§ **Problem**
With nothing left out, repeat every entry exactly.

§ **Material for this task**

(* Let $\mathcal B$ be a binomial class of reluctant functions with $|F(\emptyset,X)|=1$ for every finite $X$, and for integers $m,x\ge0$ let $p_m(x)=|F(S,X)|$ for any $S,X$ with $|S|=m$, $|X|=x$. Let $x$ be a positive integer, $X=\{1,\dots,x\}$, $n\ge0$, and let $z_0\le z_1\le\cdots\le z_{n-1}$ be integers in $\{1,\dots,x\}$. Then $$p_n(x)=\sum_{i=0}^{n-1}\binom ni\,p_{n-i}(x-z_i)\cdot ord(z_0,\dots,z_{i-1})\;+\;ord(z_0,\dots,z_{n-1}),$$ where $ord()=1$ for $i=0$.
   Context: For finite disjoint sets $S,X$, a reluctant function from $S$ to $X$ is a map $f:S\to S\cup X$ such that for every $s\in S$ there is a positive integer $k$ with $f^k(s)\in X$ (iterates of $f$); then $f^k(s)$ is the final image of $s$. A binomial class $\mathcal B$ assigns to each pair $(S,X)$ of finite disjoint sets a set $F(S,X)$ of reluctant functions from $S$ to $X$ such that: (i) $F$ is compatible with bijections (bijections $S\to S'$, $X\to X'$ transport $F(S,X)$ onto $F(S',X')$); (ii) for disjoint finite $X,Y$ (disjoint from $S$), the map sending a reluctant function $f$ from $S$ to $X\cup Y$ to the pair $(f_A,f_{S\setminus A})$, where $A$ is the set of $s\in S$ whose final image lies in $X$ and $f_A,f_{S\setminus A}$ are the restrictions, is a bijection from $F(S,X\cup Y)$ onto $\bigsqcup_{A\subseteq S}F(A,X)\times F(S\setminus A,Y)$. Order statistics: for $S=\{s_0,\dots,s_{m-1}\}$, $X=\{1,\dots,x\}$ and $f\in F(S,X)$, let $x_i$ be the final image of $s_i$ and $x_{(0)}\le\cdots\le x_{(m-1)}$ the nondecreasing rearrangement of $(x_0,\dots,x_{m-1})$. For integers $z_0\le\cdots\le z_{m-1}$ in $X$, $ord(z_0,\dots,z_{m-1})$ is the number of $f\in F(S,X)$ with $x_{(j)}\le z_j$ for all $0\le j\le m-1$ (this depends only on $m$ and the $z_j$). *)

From mathcomp Require Import all_boot.
Set Implicit Arguments. Unset Strict Implicit. Unset Printing Implicit Defensive.

(* A function from S to X is modelled as f : S -> S + X; the disjoint union
   S ⊔ X is the sum type, so disjointness is automatic. *)

Definition step (S X : Type) (f : S -> S + X) (u : S + X) : S + X :=
  match u with inl s => f s | inr x => inr x end.

Definition reluctant (S X : Type) (f : S -> S + X) : Prop :=
  forall s : S, exists k : nat, 0 < k /\ exists x : X, iter k (step f) (inl s) = inr x.

(* Final image of s (for a reluctant f the orbit of s enters X within #|S|
   steps, and the step function fixes X, so this is f^k(s) for the k at
   which f^k(s) lands in X).  None only for non-reluctant f. *)
Definition final (S : finType) (X : Type) (f : S -> S + X) (s : S) : option X :=
  match iter #|S| (step f) (inl s) with inl _ => None | inr x => Some x end.

Definition sum_map (A A' B B' : Type) (g : A -> A') (h : B -> B') (u : A + B) : A' + B' :=
  match u with inl a => inl (g a) | inr b => inr (h b) end.

Section Split.
Variables (S X Y : finType).
Implicit Types (f : {ffun S -> S + (X + Y)}) (A : {set S}).

Definition finalX f : {set S} :=
  [set s | if final f s is Some (inl _) then true else false].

§ **Your solution**
(* Let $\mathcal B$ be a binomial class of reluctant functions with $|F(\emptyset,X)|=1$ for every finite $X$, and for integers $m,x\ge0$ let $p_m(x)=|F(S,X)|$ for any $S,X$ with $|S|=m$, $|X|=x$. Let $x$ be a positive integer, $X=\{1,\dots,x\}$, $n\ge0$, and let $z_0\le z_1\le\cdots\le z_{n-1}$ be integers in $\{1,\dots,x\}$. Then $$p_n(x)=\sum_{i=0}^{n-1}\binom ni\,p_{n-i}(x-z_i)\cdot ord(z_0,\dots,z_{i-1})\;+\;ord(z_0,\dots,z_{n-1}),$$ where $ord()=1$ for $i=0$.
   Context: For finite disjoint sets $S,X$, a reluctant function from $S$ to $X$ is a map $f:S\to S\cup X$ such that for every $s\in S$ there is a positive integer $k$ with $f^k(s)\in X$ (iterates of $f$); then $f^k(s)$ is the final image of $s$. A binomial class $\mathcal B$ assigns to each pair $(S,X)$ of finite disjoint sets a set $F(S,X)$ of reluctant functions from $S$ to $X$ such that: (i) $F$ is compatible with bijections (bijections $S\to S'$, $X\to X'$ transport $F(S,X)$ onto $F(S',X')$); (ii) for disjoint finite $X,Y$ (disjoint from $S$), the map sending a reluctant function $f$ from $S$ to $X\cup Y$ to the pair $(f_A,f_{S\setminus A})$, where $A$ is the set of $s\in S$ whose final image lies in $X$ and $f_A,f_{S\setminus A}$ are the restrictions, is a bijection from $F(S,X\cup Y)$ onto $\bigsqcup_{A\subseteq S}F(A,X)\times F(S\setminus A,Y)$. Order statistics: for $S=\{s_0,\dots,s_{m-1}\}$, $X=\{1,\dots,x\}$ and $f\in F(S,X)$, let $x_i$ be the final image of $s_i$ and $x_{(0)}\le\cdots\le x_{(m-1)}$ the nondecreasing rearrangement of $(x_0,\dots,x_{m-1})$. For integers $z_0\le\cdots\le z_{m-1}$ in $X$, $ord(z_0,\dots,z_{m-1})$ is the number of $f\in F(S,X)$ with $x_{(j)}\le z_j$ for all $0\le j\le m-1$ (this depends only on $m$ and the $z_j$). *)

From mathcomp Require Import all_boot.
Set Implicit Arguments. Unset Strict Implicit. Unset Printing Implicit Defensive.

(* A function from S to X is modelled as f : S -> S + X; the disjoint union
   S ⊔ X is the sum type, so disjointness is automatic. *)

Definition step (S X : Type) (f : S -> S + X) (u : S + X) : S + X :=
  match u with inl s => f s | inr x => inr x end.

Definition reluctant (S X : Type) (f : S -> S + X) : Prop :=
  forall s : S, exists k : nat, 0 < k /\ exists x : X, iter k (step f) (inl s) = inr x.

(* Final image of s (for a reluctant f the orbit of s enters X within #|S|
   steps, and the step function fixes X, so this is f^k(s) for the k at
   which f^k(s) lands in X).  None only for non-reluctant f. *)
Definition final (S : finType) (X : Type) (f : S -> S + X) (s : S) : option X :=
  match iter #|S| (step f) (inl s) with inl _ => None | inr x => Some x end.

Definition sum_map (A A' B B' : Type) (g : A -> A') (h : B -> B') (u : A + B) : A' + B' :=
  match u with inl a => inl (g a) | inr b => inr (h b) end.

Section Split.
Variables (S X Y : finType).
Implicit Types (f : {ffun S -> S + (X + Y)}) (A : {set S}).

Definition finalX f : {set S} :=
  [set s | if final f s is Some (inl _) then true else false].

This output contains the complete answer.